▸ REQUIREMENT
Which lines below fall between the one containing "apply (pseries_sum_at_0 (2" and the one containing "(Hm : (2 <= m)%nat)"? Repeat them exactly, counting both of those lines, and add nothing else.

** Opening MATERIAL SUPPLIED block **

(* Splice the digits of a zero of F (written as a difference of digit sequences)
   after the common prefix of length [p] of [a] and [b]. *)
Lemma cylinders_meet_of_F_prefix (a b f : nat -> C) (p n : nat) :
  digits m d a -> digits m d b -> (p <= n)%nat -> agree_below p a b ->
  in_F m d lam f -> agree_below (n - p) f (fun j => a (p + j)%nat - b (p + j)%nat) ->
  exists v, cylinder m d lam a n v /\ cylinder m d lam b n v.
Proof.
  intros Ha Hb Hpn Hab [[HfDD _] Hf0] Hfg.
  destruct (DD_split f HfDD) as [fa [fb [Hfa [Hfb Ef]]]].
  set (a' := fun k => if Nat.ltb k n then a k else fa (k - p)%nat).
  set (b' := fun k => if Nat.ltb k n then b k else fb (k - p)%nat).
  assert (Ha' : digits m d a') by (intros k; unfold a'; destruct (Nat.ltb_spec k n); auto).
  assert (Hb' : digits m d b') by (intros k; unfold b'; destruct (Nat.ltb_spec k n); auto).
  assert (Haa : agree_below n a' a) by (intros k Hk; unfold a'; destruct (Nat.ltb_spec k n); [auto | lia]).
  assert (Hbb : agree_below n b' b) by (intros k Hk; unfold b'; destruct (Nat.ltb_spec k n); [auto | lia]).
  destruct (pseries_sum_ex lam Hlam B a' (digits_norm_le m d B HdB a' Ha')) as [va Hva].
  destruct (pseries_sum_ex lam Hlam B b' (digits_norm_le m d B HdB b' Hb')) as [vb Hvb].
  destruct (pseries_sum_tail lam Hlam B a' va (digits_norm_le m d B HdB a' Ha') Hva p)
    as [wa [Hwa Ea]].
  destruct (pseries_sum_tail lam Hlam B b' vb (digits_norm_le m d B HdB b' Hb') Hvb p)
    as [wb [Hwb Eb]].
  assert (Hw : wa - wb = 0).
  { apply (pseries_sum_unique lam f); [|exact Hf0].
    generalize (pseries_sum_minus lam _ _ _ _ Hwa Hwb). apply is_series_ext.
    intros j. f_equal. unfold a', b'. destruct (Nat.ltb_spec (p + j) n).
    - symmetry. apply Hfg. lia.
    - replace (p + j - p)%nat with j by lia. symmetry. apply Ef. }
  assert (Hpsum : psum lam a' p = psum lam b' p).
  { apply psum_ext. intros k Hk. rewrite (Haa k), (Hbb k) by lia. apply Hab, Hk. }
  assert (Evab : va = vb).
  { rewrite Ea, Eb, Hpsum. replace wa with (wb + (wa - wb)) by ring. rewrite Hw. ring. }
  exists va. split.
  - exact (cylinder_ext m d lam a' a n va Haa (cylinder_of_pseries m d lam Hlam B HdB a' va n Ha' Hva)).
  - rewrite Evab.
    exact (cylinder_ext m d lam b' b n vb Hbb (cylinder_of_pseries m d lam Hlam B HdB b' vb n Hb' Hvb)).
Qed.

Variable c : R.
Hypothesis Hc : forall n g, in_B m d g -> prefix_outside_F n g ->
  forall v, pseries_sum g lam v -> (c * Cmod lam ^ n <= Cmod v)%R.

Lemma cylinder_separation (n : nat) (a b : nat -> C) (x y : C) :
  digits m d a -> digits m d b -> pseries_sum a lam x -> pseries_sum b lam y ->
  ~ (exists v, cylinder m d lam a n v /\ cylinder m d lam b n v) ->
  (c * Cmod lam ^ n <= Cmod (x - y))%R.
Proof.
  intros Ha Hb Hx Hy Hdisj.
  assert (Hab := digits_norm_le m d B HdB a Ha).
  assert (Hbb := digits_norm_le m d B HdB b Hb).
  assert (Hex : exists k, (k < n)%nat /\ a k <> b k).
  { apply NNPP. intros Hn. apply Hdisj. exists x. split.
    - exact (cylinder_of_pseries m d lam Hlam B HdB a x n Ha Hx).
    - apply (cylinder_ext m d lam a b n x); [|exact (cylinder_of_pseries m d lam Hlam B HdB a x n Ha Hx)].
      intros k Hk. apply NNPP. intros Hne. apply Hn. now exists k. }
  destruct Hex as [k0 Hk0].
  destruct (first_index (fun k => (k < n)%nat /\ a k <> b k) k0 Hk0) as [p [[Hpn Hp] Hmin]].
  assert (Hbelow : agree_below p a b).
  { intros k Hk. apply NNPP. intros Hne. apply (Hmin k Hk). split; [lia | exact Hne]. }
  destruct (pseries_sum_tail lam Hlam B a x Hab Hx p) as [wa [Hwa Ea]].
  destruct (pseries_sum_tail lam Hlam B b y Hbb Hy p) as [wb [Hwb Eb]].
  set (g := fun j => a (p + j)%nat - b (p + j)%nat).
  assert (HgB : in_B m d g).
  { split.
    - intros j. destruct (Ha (p + j)%nat) as [i [Hi Ei]]. destruct (Hb (p + j)%nat) as [i' [Hi' Ei']].
      exists i, i'. unfold g. rewrite Ei, Ei'. auto.
    - unfold g. rewrite Nat.add_0_r. intros E. apply Hp.
      apply (f_equal (fun z => z + b p)) in E. ring_simplify in E. exact E. }
  assert (Hout : prefix_outside_F (n - p) g).
  { intros f Hf. apply NNPP. intros Hn. apply Hdisj.
    apply (cylinders_meet_of_F_prefix a b f p n Ha Hb ltac:(lia) Hbelow Hf).
    intros k Hk. apply NNPP. intros Hne. apply Hn. now exists k. }
  assert (Hlow := Hc (n - p) g HgB Hout (wa - wb) (pseries_sum_minus lam _ _ _ _ Hwa Hwb)).
  replace (x - y) with (pow_n lam p * (wa - wb))
    by (rewrite Ea, Eb, (psum_ext lam a b p Hbelow); ring).
  rewrite Cmod_mult, Cmod_pow_n.
  replace n with (p + (n - p))%nat at 1 by lia. rewrite pow_add.
  assert (0 <= Cmod lam ^ p)%R by (apply pow_le, Cmod_ge_0).
  nra.
Qed.

End Separation.

Lemma digit_bound (m : nat) (d : nat -> C) :
  exists B, (0 <= B)%R /\ forall i, (i < m)%nat -> (Cmod (d i) <= B)%R.
Proof.
  induction m as [|m [B [HB H]]].
  - exists 0%R. split; [lra | intros; lia].
  - exists (Rmax B (Cmod (d m))). split; [eapply Rle_trans; [exact HB | apply Rmax_l]|].
    intros i Hi. destruct (Nat.eq_dec i m) as [->|]; [apply Rmax_r|].
    eapply Rle_trans; [apply H; lia | apply Rmax_l].
Qed.

Definition joins_within (X : C -> Prop) (L : R) (z0 z1 : C) : Prop :=
  exists Y : C -> Prop,
    (forall z, Y z -> X z) /\ connected_set Y /\ Y z0 /\ Y z1 /\
    (forall y y', Y y -> Y y' -> (Cmod (y - y') <= L * Cmod (z0 - z1))%R).

Lemma joins_within_le (X : C -> Prop) (L L' : R) (z0 z1 : C) :
  (L <= L')%R -> joins_within X L z0 z1 -> joins_within X L' z0 z1.
Proof.
  intros HL [Y [HYX [HY [Y0 [Y1 Hdiam]]]]]. exists Y. repeat split; auto.
  intros y y' Hy Hy'. eapply Rle_trans; [exact (Hdiam y y' Hy Hy')|].
  apply Rmult_le_compat_r; [apply Cmod_ge_0 | exact HL].
Qed.

(* Pairs at distance at least [c] are joined by the whole bounded set. *)
Lemma bounded_turning_of_local (X : C -> Prop) (M c L : R) :
  connected_set X -> (forall z, X z -> (Cmod z <= M)%R) -> (0 < c)%R -> (0 <= L)%R ->
  (forall z0 z1, X z0 -> X z1 -> z0 <> z1 -> (Cmod (z0 - z1) < c)%R ->
     joins_within X L z0 z1) ->
  bounded_turning X.
Proof.
  intros Hconn HM Hc HL Hlocal. split; [exact Hconn|].
  exists (2 * M / c + L)%R. intros z0 z1 H0 H1. change (joins_within X (2 * M / c + L) z0 z1).
  assert (HM0 : (0 <= M)%R) by (generalize (HM z0 H0) (Cmod_ge_0 z0); lra).
  assert (HMc : (0 <= 2 * M / c)%R) by (apply Rdiv_le_0_compat; lra).
  destruct (Ceq_dec z0 z1) as [<- | Hne].
  - exists (fun w => w = z0). repeat split; auto; [intros w ->; exact H0 | apply connected_singleton|].
    intros y y' -> ->. replace (z0 - z0) with (RtoC 0) by ring. rewrite Cmod_0. lra.
  - destruct (Rlt_le_dec (Cmod (z0 - z1)) c) as [Hnear | Hfar].
    + apply (joins_within_le X L); [lra | exact (Hlocal z0 z1 H0 H1 Hne Hnear)].
    + exists X. repeat split; auto. intros y y' Hy Hy'.
      eapply Rle_trans; [apply Cmod_sub_le|].
      assert (H2M : (2 * M <= 2 * M / c * Cmod (z0 - z1))%R).
      { replace (2 * M)%R with (2 * M / c * c)%R at 1 by (field; lra).
        apply Rmult_le_compat_l; lra. }
      generalize (HM y Hy) (HM y' Hy') (Cmod_ge_0 (z0 - z1)). nra.
Qed.

Section BoundedTurning.

Variables (m : nat) (d : nat -> C) (lam : C).
Hypothesis Hlam : (Cmod lam < 1)%R.
Variable B : R.
Hypothesis HdB : forall i, (i < m)%nat -> (Cmod (d i) <= B)%R.
Variable c : R.
Hypothesis Hc0 : (0 < c)%R.
Hypothesis Hc : forall n g, in_B m d g -> prefix_outside_F m d lam n g ->
  forall v, pseries_sum g lam v -> (c * Cmod lam ^ n <= Cmod v)%R.

Let M := (B / (1 - Cmod lam))%R.

Lemma meeting_cylinders_dist_le (a b : nat -> C) (k : nat) (v y y' : C) :
  cylinder m d lam a k v -> cylinder m d lam b k v ->
  (cylinder m d lam a k y \/ cylinder m d lam b k y) ->
  (cylinder m d lam a k y' \/ cylinder m d lam b k y') ->
  (Cmod (y - y') <= Cmod lam ^ k * (4 * M))%R.
Proof.
  intros Hav Hbv Hy Hy'.
  assert (Hvia : forall s s', (cylinder m d lam s k y /\ cylinder m d lam s k v) ->
            (cylinder m d lam s' k y' /\ cylinder m d lam s' k v) ->
            (Cmod (y - y') <= Cmod lam ^ k * (4 * M))%R).
  { intros s s' [Hsy Hsv] [Hs'y Hs'v].
    replace (y - y') with ((y - v) + (v - y')) by ring.
    eapply Rle_trans; [apply Cmod_triangle|].
    generalize (cylinder_dist_le m d lam Hlam B HdB s k y v Hsy Hsv)
               (cylinder_dist_le m d lam Hlam B HdB s' k v y' Hs'v Hs'y).
    unfold M. lra. }
  destruct Hy as [Hy | Hy]; destruct Hy' as [Hy' | Hy']; eauto.
Qed.

Lemma attractor_joins_near_points :
  lam <> 0 -> connected_set (attractor m d lam) ->
  forall z0 z1, attractor m d lam z0 -> attractor m d lam z1 -> z0 <> z1 ->
  (Cmod (z0 - z1) < c)%R -> joins_within (attractor m d lam) (4 * M / (c * Cmod lam)) z0 z1.
Proof.
  intros Hlam0 Hconn z0 z1 [a [Ha Hz0]] [b [Hb Hz1]] Hne Hnear.
  assert (Hr : (0 < Cmod lam)%R) by (apply Cmod_gt_0; exact Hlam0).
  assert (Hd0 : (0 < Cmod (z0 - z1))%R) by (apply Cmod_sub_pos; exact Hne).
  destruct (pow_lt_1_zero (Cmod lam) ltac:(rewrite Rabs_pos_eq; lra) (Cmod (z0 - z1) / c)%R)
    as [N HN]; [apply Rdiv_lt_0_compat; lra|].
  specialize (HN N (le_n N)). rewrite Rabs_pos_eq in HN by (apply pow_le; lra).
  (* the scale k with c |lam|^(k+1) <= |z0 - z1| < c |lam|^k *)
  set (Q := fun j => (Cmod (z0 - z1) < c * Cmod lam ^ j)%R).
  destruct (crossing_index Q 0 N) as [k [_ [Qk Qk1]]].
  { unfold Q. simpl. lra. }
  { unfold Q. simpl. intros Hlt.
    apply (Rmult_lt_compat_l c) in HN; [|lra].
    replace (c * (Cmod (z0 - z1) / c))%R with (Cmod (z0 - z1)) in HN by (field; lra). lra. }
  unfold Q in Qk, Qk1. simpl in Qk1.
  assert (Hmeet : exists v, cylinder m d lam a k v /\ cylinder m d lam b k v).
  { apply NNPP. intros Hdisj.
    generalize (cylinder_separation m d lam Hlam B HdB c Hc k a b z0 z1 Ha Hb Hz0 Hz1 Hdisj).
    lra. }
  destruct Hmeet as [v [Hav Hbv]].
  exists (fun z => cylinder m d lam a k z \/ cylinder m d lam b k z).
  split.
  { intros z [Hz | Hz].
    - exact (attractor_of_cylinder m d lam Hlam B HdB a k z Ha Hz).
    - exact (attractor_of_cylinder m d lam Hlam B HdB b k z Hb Hz). }
  split; [apply (connected_union _ _ v); auto; apply connected_cylinder, Hconn|].
  split; [left; exact (cylinder_of_pseries m d lam Hlam B HdB a z0 k Ha Hz0)|].
  split; [right; exact (cylinder_of_pseries m d lam Hlam B HdB b z1 k Hb Hz1)|].
  intros y y' Hy Hy'.
  eapply Rle_trans; [exact (meeting_cylinders_dist_le a b k v y y' Hav Hbv Hy Hy')|].
  assert (HM : (0 <= M)%R).
  { unfold M. apply Rdiv_le_0_compat; [|lra].
    destruct (Ha O) as [i [Hi _]]. generalize (HdB i Hi) (Cmod_ge_0 (d i)). lra. }
  replace (Cmod lam ^ k * (4 * M))%R
    with (4 * M / (c * Cmod lam) * (c * (Cmod lam * Cmod lam ^ k)))%R by (field; lra).
  apply Rmult_le_compat_l; [apply Rdiv_le_0_compat; nra | lra].
Qed.

Lemma attractor_separated_at_zero :
  lam = 0 -> forall z0 z1, attractor m d lam z0 -> attractor m d lam z1 -> z0 <> z1 ->
  (c <= Cmod (z0 - z1))%R.
Proof.
  intros ->.
  assert (HDD : forall s, digits m d s -> forall k, (Cmod (s k) <= B)%R)
    by exact (digits_norm_le m d B HdB).
  intros z0 z1 [a [Ha Hz0]] [b [Hb Hz1]] Hne.
  assert (HgB : in_B m d (fun j => a j - b j)).
  { split.
    - intros j. destruct (Ha j) as [i [Hi ->]]. destruct (Hb j) as [i' [Hi' ->]]. now exists i, i'.
    - rewrite <- (pseries_sum_at_0 B a z0), <- (pseries_sum_at_0 B b z1); auto. intros E. apply Hne.
      apply (f_equal (fun z => z + z1)) in E. ring_simplify in E. exact E. }
  (* F is empty when lam = 0: the sum of f at 0 is its constant coefficient *)
  assert (Hout : prefix_outside_F m d 0 0 (fun j => a j - b j)).
  { intros f [[HfDD Hf0] Hf]. exfalso. apply Hf0. symmetry.
    apply (pseries_sum_at_0 (2 * B) f 0); [|exact Hf].
    intros k. exact (DD_norm_le m d B HdB _ (HfDD k)). }
  generalize (Hc O _ HgB Hout _ (pseries_sum_minus 0 a b z0 z1 Hz0 Hz1)). simpl. lra.
Qed.

End BoundedTurning.

Theorem theorem6p1 (m : nat) (d : nat -> C) (lam : C)
  (Hm : (2 <= m)%nat)
  (Hd : forall i j, (i < m)%nat -> (j < m)%nat -> d i = d j -> i = j)
  (Hlam : (Cmod lam < 1)%R)
  (Hconn : connected_set (attractor m d lam))
  (Hfin : finite_set (overlap m d lam))
  (HC1 : exists C1 : R, (0 < C1)%R /\ exists N : nat, forall n : nat, (N <= n)%nat ->
     forall f g : nat -> C, in_F m d lam f -> in_B m d g -> common_part f g n ->
     forall v, pseries_sum g lam v -> (C1 * Cmod lam ^ n <= Cmod v)%R) :
  bounded_turning (attractor m d lam).
Proof.
  destruct HC1 as [C1 [HC1 [N HN]]].
  destruct (digit_bound m d) as [B [HB0 HdB]].
  destruct (prefix_outside_F_lower_bound m d lam Hlam B HdB C1 N HC1 HN) as [c [Hc0 Hc]].
  set (M := (B / (1 - Cmod lam))%R).
  assert (HM : (0 <= M)%R) by (apply Rdiv_le_0_compat; lra).
  assert (HE : forall z, attractor m d lam z -> (Cmod z <= M)%R)
    by exact (attractor_norm_le m d lam Hlam B HdB).
  destruct (Ceq_dec lam 0) as [Hlam0 | Hlam0].
  - apply (bounded_turning_of_local _ M c 0); auto; [lra|].
    intros z0 z1 H0 H1 Hne Hnear. exfalso.
    generalize (attractor_separated_at_zero m d lam Hlam B HdB c Hc Hlam0 z0 z1 H0 H1 Hne). lra.
  - assert (Hr : (0 < Cmod lam)%R) by (apply Cmod_gt_0; exact Hlam0).
    apply (bounded_turning_of_local _ M c (4 * M / (c * Cmod lam))); auto.
    + apply Rdiv_le_0_compat; nra.
    + exact (attractor_joins_near_points m d lam Hlam B HdB c Hc0 Hc Hlam0 Hconn).
Qed.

** Closing MATERIAL SUPPLIED block **

▸ ANSWER BOX
    apply (pseries_sum_at_0 (2 * B) f 0); [|exact Hf].
    intros k. exact (DD_norm_le m d B HdB _ (HfDD k)). }
  generalize (Hc O _ HgB Hout _ (pseries_sum_minus 0 a b z0 z1 Hz0 Hz1)). simpl. lra.
Qed.

End BoundedTurning.

Theorem theorem6p1 (m : nat) (d : nat -> C) (lam : C)
  (Hm : (2 <= m)%nat)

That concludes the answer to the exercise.